What you have to do: If a line below includes the string "reduction", copy it.

++++++++++

Inductive compat (R : term -> term -> Prop) : term -> term -> Prop :=
| c_base s t : R s t -> compat R s t
| c_appl s s' t : compat R s s' -> compat R (App s t) (App s' t)
| c_appr s s' t : compat R s s' -> compat R (App t s) (App t s')
| c_lam s s' : compat R s s' -> compat R (Lam s) (Lam s').

Inductive star (R : term -> term -> Prop) : term -> term -> Prop :=
| star_refl s : star R s s
| star_step s t u : R s t -> star R t u -> star R s u.

Inductive R_beta : term -> term -> Prop :=
| rbeta s t : R_beta (App (Lam s) t) (subst0 s t).

Definition beta_step := compat R_beta.

Variable bot : C.

Inductive hnf_body : term -> Prop :=
| hb_var n : hnf_body (Var n)
| hb_con c : c <> bot -> hnf_body (Con c)
| hb_app s u : hnf_body s -> hnf_body (App s u).

Inductive is_hnf : term -> Prop :=
| hnf_b t : hnf_body t -> is_hnf t
| hnf_lam t : is_hnf t -> is_hnf (Lam t).

Definition has_hnf (t : term) : Prop :=
  exists t', star beta_step t t' /\ is_hnf t'.

Definition R_bot (s t : term) : Prop :=
  t = Con bot /\ ~ has_hnf s /\ s <> Con bot.

Definition beta_bot_step := compat (fun s t => R_beta s t \/ R_bot s t).

CoInductive inf (R : term -> term -> Prop) : term -> term -> Prop :=
| inf_var s n : star R s (Var n) -> inf R s (Var n)
| inf_con s c : star R s (Con c) -> inf R s (Con c)
| inf_app s t1 t2 t1' t2' :
    star R s (App t1 t2) -> inf R t1 t1' -> inf R t2 t2' -> inf R s (App t1' t2')
| inf_lam s r r' : star R s (Lam r) -> inf R r r' -> inf R s (Lam r').

CoInductive par_bot : term -> term -> Prop :=
| pb_bot s t : R_bot s t -> par_bot s t
| pb_var n : par_bot (Var n) (Var n)
| pb_con c : par_bot (Con c) (Con c)
| pb_app s1 s2 t1 t2 : par_bot s1 t1 -> par_bot s2 t2 -> par_bot (App s1 s2) (App t1 t2)
| pb_lam s t : par_bot s t -> par_bot (Lam s) (Lam t).

End Terms.

From Stdlib Require Import Classical ClassicalEpsilon.

(* A beta-bot step [t -> u] can be pushed through any [r =>bot t] as a finite
   beta reduction [r ->* r'] with [r' =>bot u].  A beta step of [t] is mirrored
   in [r], because [=>bot] is closed under substitution; a bot-step [t -> bot]
   needs no step in [r], because [r] has no head normal form when [t] has none.
   Both rest on two facts about head normal forms: if [u[sigma]] has one then so
   has [u] (standard reduction traces the hnf of [u[sigma]] back to [u]), and
   replacing subterms without hnf by bot-headed terms preserves having one.
   Postponing along the finite prefixes [s ->* t1 t2], [s ->* \x.r] of an
   infinitary reduction, and choosing the witnesses corecursively, builds the
   required [r]. *)

Set Implicit Arguments.
Unset Strict Implicit.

++++++++++

Response to this exercise:
   beta reduction [r ->* r'] with [r' =>bot u].  A beta step of [t] is mirrored
   has [u] (standard reduction traces the hnf of [u[sigma]] back to [u]), and
   infinitary reduction, and choosing the witnesses corecursively, builds the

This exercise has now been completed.